Novès: "Mon avenir ? Je ne me pose pas la question"

XV de France

Guy Novès a livré une analyse à contre-courant après la nouvelle défaite décevante concédée face aux Boks (17-18).

Novès: "Mon avenir ? Je ne me pose pas la question"

Guy Novès a préféré balayer d’un revers de main l’éventualité d’une démission après la nouvelle défaite du XV de France face aux Springboks. Bien au contraire, le sélectionneur tricolore, parce qu’il constate "que les progrès sont là", considère que "l’avenir n’est pas si noir".   

Guy, votre équipe meurt à un point des Boks, mais elle s’incline aussi pour la 5e fois de rang…
Il y a une première analyse, c’est le fait de consentir beaucoup d’efforts, un gros investissement et finir à un point. Il y a une forme de frustration. La seconde, c’est une analyse plus technique, qui est de notre ressort, le mien en particulier, c’est de voir toutes les fautes commises, qui ne nous ont pas permis de mettre de la vitesse dans notre jeu. Comme notre deuxième essai en seconde mi-temps. La victoire était dépendante de ces fautes-là. Il y a eu des périodes très intéressantes, où on a pu accélérer en tout début de partie ou à la fin, mais entre les deux, il y a eu trop de petites fautes, quelques ballons perdus en touches, dans les airs, arrachés dans les rucks… Le match se finit à un point, donc assez équilibré - l’essai qu’ils marquent nécessite deux minutes d’analyse vidéo - ça ne se joue à rien.
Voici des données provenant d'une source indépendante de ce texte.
Lemma RInt_cost_lower c :
  RInt (cost_lower c) 0 (2 * PI) =
  sum_upto n (fun i => 2 * PI * beam_energy i - 2 * RInt (demand_corr i) 0 (2 * PI))
  + 2 * PI * demand_energy.
Proof.
  assert (Hcorr : forall i x, continuous (demand_corr i) x) by apply demand_corr_continuous.
  unfold cost_lower.
  rewrite RInt_plus_continuous, RInt_sum_upto, RInt_const.
  - change scal with Rmult. rewrite Rminus_0_r. apply (f_equal (fun t => t + _)).
    apply sum_upto_ext. intros i _.
    rewrite RInt_minus_scal_continuous, RInt_const;
      [| intro; continuity | intro; pose proof (Hcorr i); continuity].
    change scal with Rmult. rewrite Rminus_0_r.
    rewrite (RInt_ext _ (fun s => demand_corr i (s + c i))) by (intros; now rewrite Rplus_comm).
    now rewrite (RInt_periodic_shift _ _ (Hcorr i) (demand_corr_periodic i) (c i)).
  - intros i x. pose proof (Hcorr i). continuity.
  - intro x. apply continuous_sum_upto. intro i. pose proof (Hcorr i). continuity.
  - intro x. continuity.
Qed.

End Coverage.

(** * The potential [J] *)

Definition centres (rs : R) (phi0 : nat -> R) (q : nat -> R * R) (i : nat) : R :=
  phi0 i + dphi rs (q i).

Lemma Jpot_eq_RInt_cost n rs om phi0 alpha psim mu q :
  0 < om -> (forall i, (i < n)%nat -> 0 < alpha i) -> (forall i, (i < n)%nat -> 0 < psim i) ->
  (forall x, continuous mu x) -> (forall x, mu (x + 2 * PI) = mu x) ->
  Jpot n rs om phi0 alpha psim mu q
  = / (4 * PI) * RInt (cost n alpha psim mu (centres rs phi0 q)) 0 (2 * PI).
Proof.
  intros Hom Halpha Hpsim Hmu Hmu_per. pose proof PI_RGT_0.
  set (c := centres rs phi0 q).
  assert (Hinner : forall tau,
    RInt (fun th => (rho n rs om phi0 alpha psim q th tau - mu th) ^ 2)
         (om * tau) (om * tau + 2 * PI)
    = cost n alpha psim mu c (om * tau)).
  { intro tau. unfold cost.
    set (f := fun th : R => (coverage n alpha psim c (th - om * tau) - mu th) ^ 2).
    assert (Hf : forall th, continuous f th)
      by (intro; pose proof (coverage_continuous n alpha psim c); unfold f; continuity).
    assert (Hf_per : forall th, f (th + 2 * PI) = f th).
    { intro th. unfold f. rewrite Hmu_per, <- (coverage_periodic n alpha psim c (th - om * tau)).
      now replace (th + 2 * PI - om * tau) with (th - om * tau + 2 * PI) by ring. }
    rewrite <- (RInt_periodic f _ Hf Hf_per (om * tau)).
    apply RInt_ext. intros th _. unfold f. do 3 f_equal.
    unfold rho, coverage. apply sum_upto_ext. intros i Hi.
    rewrite psi_loc_tent by auto. unfold phi, c, centres. f_equal. ring. }
  unfold Jpot. cbv zeta.
  rewrite (RInt_ext _ (fun tau => cost n alpha psim mu c (om * tau))) by (intros; apply Hinner).
  rewrite RInt_comp_scale by (auto using cost_continuous).
  field. lra.
Qed.

Lemma tent_overlap_free_of_nonoverlap n rs om phi0 alpha psim p :
  (forall i, (i < n)%nat -> 0 < alpha i) -> (forall i, (i < n)%nat -> 0 < psim i) ->
  (forall i j, (i < n)%nat -> (j < n)%nat -> i <> j -> forall tau th,
     ~ (in_C (alpha i) (phi rs om (phi0 i) (p i) tau) th /\
        in_C (alpha j) (phi rs om (phi0 j) (p j) tau) th)) ->
  forall i j, (i < n)%nat -> (j < n)%nat -> i <> j -> forall x,
    tent (alpha i) (psim i) (x - centres rs phi0 p i)
    * tent (alpha j) (psim j) (x - centres rs phi0 p j) = 0.
Proof.
  intros Halpha Hpsim Hnonoverlap i j Hi Hj Hij x.
  assert (Hcover : forall k, (k < n)%nat ->
            tent (alpha k) (psim k) (x - centres rs phi0 p k) <> 0 ->
            in_C (alpha k) (phi rs om (phi0 k) (p k) 0) x).
  { intros k Hk Hnz. apply (in_C_of_psi_loc_neq0 _ (psim k)).
    rewrite psi_loc_tent by auto. unfold phi, centres in *.
    now rewrite Rmult_0_r, Rplus_0_r. }
  destruct (Req_dec (tent (alpha i) (psim i) (x - centres rs phi0 p i)) 0) as [E|Ei];
    [rewrite E; ring|].
  destruct (Req_dec (tent (alpha j) (psim j) (x - centres rs phi0 p j)) 0) as [E|Ej];
    [rewrite E; ring|].
  exfalso. apply (Hnonoverlap i j Hi Hj Hij 0 x). split; auto.
Qed.

Theorem proposition6
  (n : nat) (rs om pm : R) (phi0 alpha psim : nat -> R) (mu : R -> R)
  (Hn : (3 <= n)%nat) (Hrs : 0 < rs) (Hom : 0 < om) (Hpm : 0 < pm < rs)
  (Hphi0_0 : phi0 0%nat = 0)
  (Hphi0_inc : forall i, (S i < n)%nat -> phi0 i < phi0 (S i))
  (Hphi0_last : phi0 (pred n) < 2 * PI)
  (Halpha : forall i, (i < n)%nat -> 0 < alpha i < PI)
  (Hpsim : forall i, (i < n)%nat -> 0 < psim i)
  (Hmu_cont : forall x, continuous mu x)
  (Hmu_nonneg : forall x, 0 <= mu x)
  (Hmu_per : forall x, mu (x + 2 * PI) = mu x)
  (s : nat -> R) (pk : nat -> nat -> R * R) (pstar : nat -> R * R)
  (Hiter : forall k i, (i < n)%nat ->
     is_proj_Omega rs pm
       (fst (pk k i) - s k * dJ_x (Jpot n rs om phi0 alpha psim mu) (pk k) i,
        snd (pk k i) - s k * dJ_y (Jpot n rs om phi0 alpha psim mu) (pk k) i)
       (pk (S k) i))
  (Hlim : forall i, (i < n)%nat ->
     is_lim_seq (fun k => fst (pk k i)) (fst (pstar i)) /\
     is_lim_seq (fun k => snd (pk k i)) (snd (pstar i)))
  (Hint : forall i, (i < n)%nat -> in_int_Omega rs pm (pstar i))
  (Hstat : forall i, (i < n)%nat ->
     is_derive (fun t => Jpot n rs om phi0 alpha psim mu
                           (upd pstar i (t, snd (pstar i)))) (fst (pstar i)) 0 /\
     is_derive (fun t => Jpot n rs om phi0 alpha psim mu
                           (upd pstar i (fst (pstar i), t))) (snd (pstar i)) 0)
  (Hnonoverlap : forall i j, (i < n)%nat -> (j < n)%nat -> i <> j ->
     forall tau th,
       ~ (in_C (alpha i) (phi rs om (phi0 i) (pstar i) tau) th /\
          in_C (alpha j) (phi rs om (phi0 j) (pstar j) tau) th)) :
  exists eps, 0 < eps /\
    forall q : nat -> R * R,
      (forall i, (i < n)%nat -> in_Omega rs pm (q i)) ->
      (forall i, (i < n)%nat ->
         norm2 (fst (q i) - fst (pstar i), snd (q i) - snd (pstar i)) < eps) ->
      Jpot n rs om phi0 alpha psim mu pstar <= Jpot n rs om phi0 alpha psim mu q.
Proof.
  assert (Halpha_pos : forall i, (i < n)%nat -> 0 < alpha i) by (intros i Hi; apply Halpha, Hi).
  pose proof PI_RGT_0.
  set (cstar := centres rs phi0 pstar).
  (* Any radius works: the inequality below holds for every admissible [q]. *)
  exists 1. split; [lra|]. intros q _ _.
  rewrite !Jpot_eq_RInt_cost by auto.
  apply Rmult_le_compat_l; [left; apply Rinv_0_lt_compat; lra|].
  rewrite (RInt_ext _ (cost_lower n alpha psim mu cstar)).
  2:{ intros x _. symmetry. apply cost_lower_eq_cost; auto.
      now apply (tent_overlap_free_of_nonoverlap n rs om). }
  rewrite RInt_cost_lower by exact Hmu_cont.
  rewrite <- (RInt_cost_lower n alpha psim mu Hmu_cont (centres rs phi0 q)).
  apply RInt_le; [lra | apply ex_RInt_continuous_everywhere .. | intros x _].
  - now apply cost_lower_continuous.
  - now apply cost_continuous.
  - now apply cost_lower_le_cost.
Qed.
Lemma massey_vanishes_shiftr i j m p (a b : 'I_p -> C) (c ga : C) :
  (forall k, cocycle i (a k)) -> (forall k, cocycle j (b k)) -> homog (m - 1) ga ->
  massey_vanishes i j m a b (c + cd C ga) -> massey_vanishes i j m a b c.
Proof.
move=> ha hb hga [u [v [[hu du hv dv] hval]]].
exists u, (fun k => v k - gsign K j 1 *: cmul C (b k) ga); split; first split => //.
- move=> k; apply/(homogB HC (hv k))/(homogZ HC).
  by apply: (homogM_eq HC (hb k).1 hga); ring.
- move=> k; rewrite cdB // dv cdZ // (cd_cmul_cocyclel HC _ (hb k)) scalerA gsign1_sq.
  by rewrite scale1r cmulDr // addrK.
have -> : massey_value i a c u (fun k => v k - gsign K j 1 *: cmul C (b k) ga) =
    massey_value i a (c + cd C ga) u v - cd C (gsign K j 1 *: cmul C u ga).
  rewrite /massey_value cdZ // (cd_cmul HC _ hu) du cmul_suml // scalerDr scalerA.
  rewrite gsign1B1 gsign1D mulrN mulrCA gsign1_sq mulr1 scaleNr cmulDr // scalerDr.
  under eq_bigr do rewrite cmulBr // cmulZr // -cmulA //.
  by rewrite sumrB -scaler_sumr opprB opprD !addrA subrK addrAC.
apply: (coboundaryB HC hval); apply/coboundary_cd/(homogZ HC).
by apply: (homogM_eq HC hu hga); ring.
Qed.

Lemma massey_vanishes_cohomologous i j m p (a b al be : 'I_p -> C) (c ga : C) :
  (forall k, cocycle i (a k)) -> (forall k, cocycle j (b k)) -> cocycle m c ->
  (forall k, homog (i - 1) (al k)) -> (forall k, homog (j - 1) (be k)) -> homog (m - 1) ga ->
  massey_vanishes i j m (fun k => a k + cd C (al k)) (fun k => b k + cd C (be k)) (c + cd C ga) ->
  massey_vanishes i j m a b c.
Proof.
move=> ha hb hc hal hbe hga hvan.
have ha' k := cocycle_add_cd HC (ha k) (hal k).
have hb' k := cocycle_add_cd HC (hb k) (hbe k).
apply: (massey_vanishes_shiftl hb hal); apply: (massey_vanishes_shiftm ha' hc hbe).
exact: (massey_vanishes_shiftr ha' hb' hga).
Qed.

Lemma massey_value_shift i p (a : 'I_p -> C) (c u be : C) (v bv : 'I_p -> C) l :
  (forall k, cocycle i (a k)) -> cd C c = 0 -> homog l be ->
  massey_value i a c (u + cd C be) (fun k => v k + cd C (bv k)) =
  massey_value i a c u v +
  cd C (gsign K i 1 *: (\sum_k cmul C (a k) (bv k) - cmul C be c)).
Proof.
move=> ha dc hbe; rewrite /massey_value cdZ // cdB // cd_sum //.
rewrite (cd_cmul_cocycler HC hbe dc) cmulDl // scalerBr scaler_sumr.
under eq_bigr do rewrite cmulDr //.
under [X in _ = _ + (X - _)]eq_bigr do rewrite (cd_cmul_cocyclel HC _ (ha _)) scalerA gsign1_sq scale1r.
by rewrite big_split scalerDr opprD addrACA.
Qed.
(* If $R$ is an NJ-symmetric semiperiodic ring, then $R/J(R)$ is commutative.
   Context: Rings are associative with identity. $N(R)$ is the set of nilpotent elements, $J(R)$ the Jacobson radical, $Z(R)$ the center. $R$ is NJ-symmetric if for all $a,b,c\in R$, $abc\in N(R)$ implies $bac\in J(R)$. $R$ is semiperiodic if for each $a\in R\setminus (J(R)\cup Z(R))$ there exist positive integers $p,q$ of opposite parity with $a^q-a^p\in N(R)$. *)

From mathcomp Require Import all_boot all_algebra.
Set Implicit Arguments. Unset Strict Implicit. Unset Printing Implicit Defensive.
Import GRing.Theory.
Local Open Scope ring_scope.

(* Rings: associative with identity (possibly the zero ring, hence pzRingType). *)

Definition nilpotent_elt (R : pzRingType) (a : R) : Prop :=
  exists n : nat, a ^+ n = 0.

Definition central (R : pzRingType) (a : R) : Prop :=
  forall x : R, a * x = x * a.

Definition left_ideal (R : pzRingType) (I : R -> Prop) : Prop :=
  [/\ I 0, (forall x y, I x -> I y -> I (x + y)), (forall x, I x -> I (- x))
    & (forall r x, I x -> I (r * x))].

Definition maximal_left_ideal (R : pzRingType) (M : R -> Prop) : Prop :=
  [/\ left_ideal M, ~ M 1 &
      forall I : R -> Prop, left_ideal I -> ~ I 1 ->
        (forall x, M x -> I x) -> forall x, I x -> M x].

Definition jacobson (R : pzRingType) (a : R) : Prop :=
  forall M : R -> Prop, maximal_left_ideal M -> M a.

Definition NJ_symmetric (R : pzRingType) : Prop :=
  forall a b c : R, nilpotent_elt (a * b * c) -> jacobson (b * a * c).

Definition semiperiodic (R : pzRingType) : Prop :=
  forall a : R, ~ jacobson a -> ~ central a ->
    exists p q : nat, [/\ (0 < p)%N, (0 < q)%N, odd p != odd q
                        & nilpotent_elt (a ^+ q - a ^+ p)].

(* R/J(R) is commutative: (a+J)(b+J) = (b+J)(a+J) for all a b,
   i.e. ab - ba in J(R) *)
Definition quot_jacobson_commutative (R : pzRingType) : Prop :=
  forall a b : R, jacobson (a * b - b * a).

(* Fix a maximal left ideal M and let P = {x | x R is contained in M}, the largest
   two-sided ideal inside M. It contains J(R) and is prime, so it suffices to show that
   Q = R/P is commutative. NJ-symmetry kills the nilpotents of R in Q and forces every
   idempotent of R to become 0 or 1 in Q; with semiperiodicity this shows that every
   noncentral element of Q is zero or of odd multiplicative order, and that Q is a domain.
   Such a domain is commutative: a noncentral x of odd order forces characteristic 2,
   F = F_2[x] is a finite field and ad_x^|F| = ad_x, so ad_x has an eigenvector w with a
   nonzero eigenvalue in F. Then w has finite order and normalizes F, so F[w] is a finite
   domain, hence commutative by Wedderburn's theorem, contradicting xw <> wx. *)

From HB Require Import structures.
From mathcomp Require Import all_boot all_algebra all_field boolp.
Set Implicit Arguments. Unset Strict Implicit. Unset Printing Implicit Defensive.
Import GRing.Theory.
Local Open Scope ring_scope.
Local Open Scope quotient_scope.

(** * Domains whose elements are central or of odd order *)

Definition ad (R : pzRingType) (u v : R) := u * v - v * u.

Lemma ad_is_zmod_morphism (R : pzRingType) (u : R) : zmod_morphism (ad u).
Proof. by move=> v w; rewrite /ad mulrBr mulrBl !opprB addrACA [- _ + _]addrC addrACA. Qed.
HB.instance Definition _ (R : pzRingType) (u : R) :=
  GRing.isZmodMorphism.Build R R (ad u) (ad_is_zmod_morphism u).

Lemma ad_mull (R : pzRingType) (u c v : R) : GRing.comm u c -> ad u (c * v) = c * ad u v.
Proof. by move=> uc; rewrite /ad mulrBr !mulrA uc. Qed.

Section Char2.
Variables (R : nzRingType) (R2 : 2 \in [pchar R]).

Lemma ad_ad_pchar2 (u v : R) : ad u (ad u v) = ad (u ^+ 2) v.
Proof.
rewrite /ad !mulrBr !mulrBl !mulrA -expr2 -[v * u * u]mulrA -expr2.
rewrite !(oppr_pchar2 R2) -!addrA; congr (_ + _).
by rewrite addrA addrr_pchar2 // add0r.
Qed.

Lemma iter_ad_pchar2 (u v : R) k : iter (2 ^ k) (ad u) v = ad (u ^+ (2 ^ k)) v.
Proof.
elim: k v => [|k IHk] v; first by rewrite expr1.
by rewrite expnSr muln2 -addnn iterD !IHk ad_ad_pchar2 -exprM muln2 addnn.
Qed.

End Char2.

Lemma pchar2_of_odd_orders (R : nzRingType) (x : R) m n :
  odd m -> odd n -> x ^+ m = 1 -> (- x) ^+ n = 1 -> 2 \in [pchar R].
Proof.
move=> m_odd n_odd xm xn; apply/andP; split=> //.
have : (- x) ^+ (m * n) = 1 by rewrite mulnC exprM xn expr1n.
rewrite exprNn [x ^+ _]exprM xm expr1n mulr1 -signr_odd oddM m_odd n_odd expr1.
by move/eqP; rewrite eq_sym -subr_eq0 opprK.
Qed.

Lemma twisted_comm_expr (R : pzRingType) (w x y : R) i :
  w * x = y * w -> w * x ^+ i = y ^+ i * w.
Proof.
move=> wx; elim: i => [|i IHi]; first by rewrite !expr0 mulr1 mul1r.
by rewrite exprS mulrA wx -mulrA IHi mulrA -exprS.
Qed.

Section SubsetSums.
Variables (R : nzRingType) (R2 : 2 \in [pchar R]) (I : finType) (g : I -> R).
Hypotheses (g_one : exists i, g i = 1) (g_mul : forall i j, exists k, g i * g j = g k).

Definition subset_sums := [seq \sum_(i in A) g i | A : {set I}].

Lemma subset_sumsP z : reflect (exists A : {set I}, z = \sum_(i in A) g i) (z \in subset_sums).
Proof. by apply: (iffP imageP) => [[A _ ->]|[A ->]]; exists A. Qed.

Lemma subset_sumsD : {in subset_sums &, forall y z, y + z \in subset_sums}.
Proof.
move=> _ _ /subset_sumsP[A ->] /subset_sumsP[B ->]; apply/subset_sumsP.
exists [set i | (i \in A) (+) (i \in B)]; rewrite !(big_mkcond (fun i => i \in _)) -big_split.
apply: eq_bigr => i _; rewrite inE /=.
by case: (i \in A); case: (i \in B); rewrite ?addr0 ?add0r ?(addrr_pchar2 R2).
Qed.

Lemma subset_sums_gen i : g i \in subset_sums.
Proof. by apply/subset_sumsP; exists [set i]; rewrite big_set1. Qed.

Lemma subset_sums_big (J : Type) (r : seq J) (P : pred J) (F : J -> R) :
  (forall j, F j \in subset_sums) -> \sum_(j <- r | P j) F j \in subset_sums.
Proof.
move=> Fs; apply: (big_ind [in subset_sums]) => //; last exact: subset_sumsD.
by apply/subset_sumsP; exists set0; rewrite big_set0.
Qed.

Lemma subset_sums_closed : subring_closed (mem subset_sums).
Proof.
have [i1 gi1] := g_one; split; first by rewrite -gi1 subset_sums_gen.
  by move=> y z ys zs; rewrite (oppr_pchar2 R2) subset_sumsD.
move=> _ _ /subset_sumsP[A ->] /subset_sumsP[B ->].
rewrite mulr_suml; apply: subset_sums_big => i; rewrite mulr_sumr.
by apply: subset_sums_big => j; have [k ->] := g_mul i j; apply: subset_sums_gen.
Qed.

End SubsetSums.

Section FiniteSubring.
Variables (R : nzRingType) (s : seq R).
Hypotheses (s_closed : subring_closed (mem s)) (R_dom : GRing.integral_domain_axiom R).

(* The dummy arguments make the HB instances below canonical for each closure proof. *)
Definition fin_subring of subring_closed (mem s) & GRing.integral_domain_axiom R
  : predArgType := seq_sub s.
Local Notation S := (fin_subring s_closed R_dom).

HB.instance Definition _ := [isSub of S for @ssval _ s].
HB.instance Definition _ := Finite.on S.
HB.instance Definition _ := GRing.SubChoice_isSubNzRing.Build R _ S s_closed.
HB.instance Definition _ := FinRing.isNzRing.Build S.

Lemma fin_subring_domain : GRing.integral_domain_axiom S.
Proof.
move=> a b /(congr1 val); rewrite rmorphM rmorph0 => /R_dom.
by rewrite -!(inj_eq val_inj) rmorph0.
Qed.

HB.instance Definition _ :=
  GRing.PzRing_hasCommutativeMul.Build S (finDomain_mulrC fin_subring_domain).
HB.instance Definition _ := GRing.ComUnitRing_isIntegral.Build S fin_subring_domain.
HB.instance Definition _ :=
  GRing.UnitRing_isField.Build S (finDomain_field fin_subring_domain).

Lemma fin_subring_comm x y : x \in s -> y \in s -> x * y = y * x.
Proof. by move=> xs ys; have := congr1 val (mulrC (SeqSub xs : S) (SeqSub ys)). Qed.

Lemma fin_subring_pchar p : p \in [pchar R] -> p \in [pchar S].
Proof.
case/andP=> p_pr /eqP p0; apply/andP; split=> //.
by apply/eqP/val_inj; rewrite (rmorph_nat val) p0 rmorph0.
Qed.

End FiniteSubring.

Section PolynomialOfOperator.
Variables (K R : nzRingType) (f : {rmorphism K -> R}) (T : {additive R -> R}).
Hypothesis T_semilinear : forall c v, T (f c * v) = f c * T v.

Definition poly_op (p : {poly K}) v := \sum_(i < size p) f p`_i * iter i T v.

Lemma poly_op_widen n (p : {poly K}) v :
  (size p <= n)%N -> poly_op p v = \sum_(i < n) f p`_i * iter i T v.
Proof.
move=> le_pn; rewrite /poly_op (big_ord_widen n (fun i => f p`_i * iter i T v)) //.
rewrite big_mkcond; apply: eq_bigr => i _; case: ltnP => // le_pi.
by rewrite nth_default // rmorph0 mul0r.
Qed.
Lemma inF_ext m (I : {set 'I_m.+1}) a z :
  inF G I a -> a ord_max <> None -> zs z -> inF G I (ext (soc a) (Some z)).
Proof.
case=> hg hI hm hz; split => i; case: (widen_or_max i) => [[i' ->]|->];
  rewrite ?ext_widen ?ext_max //; first exact: hg.
by split => // _; apply: (proj2 (hI _) hm).
Qed.

End Topology.

Lemma rat_common_denom (s : seq rat) : exists d : nat, (0 < d)%N /\
  forall x, x \in s -> exists z : int, x * d%:R = z%:~R.
Proof.
elim: s => [|x s [d [d0 hd]]]; first by exists 1%N.
have [dd edd] := denqP x.
exists (d * dd.+1)%N; split; first by rewrite muln_gt0 d0.
move=> y; rewrite inE => /orP[/eqP -> | ys].
  exists (numq x * d%:Z); rewrite natrM mulrC -mulrA (mulrC _ x).
  have -> : x * dd.+1%:R = (numq x)%:~R by rewrite numqE edd.
  by rewrite mulrC intrM.
by have [z ez] := hd y ys; exists (z * dd.+1%:Z); rewrite natrM mulrA ez intrM.
Qed.

Section Affine.
Context {Q : lmodType rat} {G : zgroup Q}.
Local Notation lt := (@zlt _ G).
Local Notation zs := (zs G).
Local Notation one := (Defs.one G).
Local Notation olt := (olt G).
Local Notation inB := (inB G).
Local Notation inBox := (inBox G).
Local Notation cl := (oclosure G).

Variables (k : nat) (Y : ('I_k -> Omega Q) -> Prop) (g : ('I_k -> Omega Q) -> Omega Q).

Lemma affine_on_sub (Y' : ('I_k -> Omega Q) -> Prop) :
  (forall y, Y' y -> Y y) -> affine_on G Y g -> affine_on G Y' g.
Proof.
move=> s [K [hK hg]]; exists K; split=> [y /s | ]; first exact: hK.
by case: hg => [h | [a0 [al h]]]; [left | right; exists a0, al] => y /s; apply: h.
Qed.
Lemma rot_symmetric_rotation (R : realType) (n : nat) (H Q : 'M[R]_n) (K : set 'rV[R]_n) x :
  rot_symmetric H K -> rotation Q -> fixes Q H -> K x -> K (x *m Q).
Proof.
move=> Ksym [QQ _] QH Kx; have [h [v [hH vH xE]]] := perp_decomp H x; subst x.
have Q_iso a b : dotv (a *m Q) (b *m Q) = dotv a b by rewrite dotv_mulmx -mulmxA QQ mulmx1.
have vQH : (v *m Q <= perp H)%MS.
  by apply/perpP => w wH; rewrite -(QH w wH) Q_iso; move/perpP: vH; apply.
rewrite mulmxDl QH //; apply: (Ksym h (h + v)); rewrite // ?(addrC h) ?addrK ?Q_iso //.
Qed.

Section OrthogonalProjection.
Variables (R : realType) (n : nat) (W : 'M[R]_n).
Implicit Types (y : 'rV[R]_n).

Definition orthproj := proj_mx W (perp W).

Lemma orthproj_sub y : (y *m orthproj <= W)%MS.
Proof. exact: proj_mx_sub. Qed.

Lemma orthproj_compl y : (y - y *m orthproj <= perp W)%MS.
Proof. by apply: proj_mx_compl_sub; apply/submx_full/addsmx_perp_full. Qed.

Lemma orthproj_id y : (y <= W)%MS -> y *m orthproj = y.
Proof. exact: proj_mx_id (capmx_perp W). Qed.

Lemma orthproj_0 y : (y <= perp W)%MS -> y *m orthproj = 0.
Proof. exact: proj_mx_0 (capmx_perp W). Qed.

Lemma dotv_orthproj y : dotv y y =
  dotv (y *m orthproj) (y *m orthproj) + dotv (y - y *m orthproj) (y - y *m orthproj).
Proof.
rewrite -dotv_pyth ?(addrC (y *m _)) ?subrK // dotvC.
by move/perpP: (orthproj_compl y); apply; exact: orthproj_sub.
Qed.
Autant contre la Nouvelle-Zélande, on avait le sentiment de s’être « sorti » devant l’adversaire, autant ce soir (samedi), on a eu une équipe de France qui a rivalisé dans l’engagement, même sur les plus grosses séquences des Springboks, où on les a secoués nous aussi. La preuve, on a un deuxième ligne qui sort sur commotion (Paul Gabrillagues), deux joueurs (Picamoles, Gourdon) qui ont joué une grande partie du match avec une entorse de la cheville. Il y a eu un gros engagement.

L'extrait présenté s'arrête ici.